# **Homework 9: Variational Autoencoders**

## **About**

### **Due**

Monday 4/22/19, 11:59 PM CST

### **Goal**

This homework focuses on creating variational autoencoders applied to the MNIST dataset.

## Dev Environment
### Working on Google Colab
You may choose to work locally or on Google Colaboratory. You have access to free compute through this service. 
1. Visit https://colab.research.google.com/drive 
2. Navigate to the **`Upload`** tab, and upload your `HW10.ipynb`
3. Now on the top right corner, under the `Comment` and `Share` options, you should see a `Connect` option.
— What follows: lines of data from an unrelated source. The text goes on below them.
Lemma tp_continuous : continuous (fun t : X * Y => tp t.1 t.2).
Proof.
move=> [x0 y0]; apply/subr_cvg0; apply/norm_cvg0P.
pose h (t : X * Y) := `|t.1 - x0| * `|t.2| + `|x0| * `|t.2 - y0|.
have h0 : h t @[t --> (x0, y0)] --> 0.
  have -> : 0 = h (x0, y0) by rewrite /h /= !subrr !normr0 mul0r mulr0 addr0.
  apply: cvgD; apply: cvgM; try apply: cvg_norm; try exact: cvg_cst.
  - by apply: cvgB; [exact: cvg_fst|exact: cvg_cst].
  - exact: cvg_snd.
  - by apply: cvgB; [exact: cvg_snd|exact: cvg_cst].
apply: (squeeze_cvgr _ (cvg_cst (0 : R)) h0).
near=> t; rewrite normr_ge0 /=.
have -> : tp t.1 t.2 - tp x0 y0 = tp (t.1 - x0) t.2 + tp x0 (t.2 - y0).
  by rewrite tpBl tpBr addrA subrK.
by apply: le_trans (ler_normD _ _) _; apply: lerD.
Unshelve. all: by end_near.
Qed.

End BoundedBilinear.

Lemma continuous_open_measurable (R : realType) (V : normedModType R) (h : V -> R) :
  continuous h -> measurable_fun setT (h : g_sigma_algebraType (@open V) -> R).
Proof.
move=> ch; apply: (measurability _ (measurable_realfun.RGenOpens.measurableE R)).
move=> _ [_ [a [b ->]] <-]; rewrite setTI; apply: sub_sigma_algebra.
by apply: (proj1 (continuousP h) ch); exact: interval_open.
Qed.

Lemma measurable_le_cst (R : realType) d (T : measurableType d) (h : T -> R) (c : R) :
  measurable_fun setT h -> measurable [set t | h t <= c].
Proof.
move=> mh; rewrite -[X in measurable X]setTI.
exact: (measurable_fun_le _ mh (measurable_cst c)).
Qed.

Section RiemannSums.
Variables (R : realType) (d : measure_display) (T : measurableType d).
Variable (Z : normedModType R).
Variable mu : {measure set T -> \bar R}.
Hypothesis mu_fin : (mu setT < +oo)%E.

Lemma fin_num_mu E : measurable E -> mu E \is a fin_num.
Proof.
move=> mE; rewrite ge0_fin_numE //.
by apply: le_lt_trans mu_fin; apply: le_measure => //; rewrite inE.
Qed.

Lemma fine_muK E : measurable E -> (fine (mu E))%:E = mu E.
Proof. by move=> mE; rewrite fineK // fin_num_mu. Qed.
Lemma cond_next_eq t hi ui k' : (t.+1 < T G)%N -> admissible_hu (upd g gi) hi ui ->
  cond_next (upd g gi) hi ui k' = next_kernel t (compr C hi) ui k'.
Proof.
move=> tT adm; rewrite /cond_next /next_kernel -(Et_cond t (ltnW tT) hi ui adm).
congr (_ / _).
apply: Et_ext => x h u w; rewrite /ext_hist ffunE /=.
by case: eqP => [->|_]; rewrite ?mul0r // /=; case: (u i == ui); rewrite ?mul1r ?mul0r.
Qed.

Lemma cond_rew_eq j t hi ui : (t < T G)%N -> admissible_hu (upd g gi) hi ui ->
  cond_rew (upd g gi) j hi ui = exp_reward j t (compr C hi) ui.
Proof. by move=> tT adm; exact: (Et_cond t tT hi ui adm (fun x _ u w => (f x u w).2 j)). Qed.

End UnilateralSufficiency.

Theorem lemma4 (R : realFieldType) (G : game R) (i : Pl G)
    (C : compression i) :
  USI C ->
  forall g : profile G, (forall j, j != i -> valid_strat (g j)) ->
  exists (P : forall t, K C t -> U i t -> K C t.+1 -> R)
         (r : Pl G -> forall t, K C t -> U i t -> R),
    (forall t k u, (t.+1 < T G)%N -> is_distr (P t k u)) /\
    (forall j t k u, (t < T G)%N -> -1 <= r j t k u <= 1) /\
    forall gi : strat i, valid_strat gi ->
      (forall t (hi : HistP i t) (ui : U i t) (k' : K C t.+1),
         (t.+1 < T G)%N -> admissible_hu (upd g gi) hi ui ->
         cond_next (C:=C) (upd g gi) hi ui k' = P t (compr C hi) ui k') /\
      (forall (j : Pl G) t (hi : HistP i t) (ui : U i t),
         (t < T G)%N -> admissible_hu (upd g gi) hi ui ->
         cond_rew (upd g gi) j hi ui = r j t (compr C hi) ui).
Proof.
move=> [F [Phi [Phi_indep [_ [Phi_distr USI_factor]]]]] g g_valid.
exists (next_kernel (Phi := Phi) (g := g)), (exp_reward (Phi := Phi) (g := g)).
split; first exact: (next_kernel_distr Phi_distr g_valid).
split; first exact: (exp_reward_bound Phi_distr g_valid).
move=> gi gi_valid; split.
- exact: (cond_next_eq Phi_indep Phi_distr USI_factor g_valid gi_valid).
- exact: (cond_rew_eq Phi_indep Phi_distr USI_factor g_valid gi_valid).
Qed.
Once you are connected, you will have access to a VM with 12GB RAM, 50 GB disk space and a single GPU. The dropdown menu will allow you to connect to a local runtime as well.

**Notes:** 
* **If you do not have a working setup for Python 3, this is your best bet. It will also save you from heavy installations like `tensorflow` if you don't want to deal with those.**
* ***There is a downside*. You can only use this instance for a single 12-hour stretch, after which your data will be deleted, and you would have redownload all your datasets, any libraries not already on the VM, and regenerate your logs**.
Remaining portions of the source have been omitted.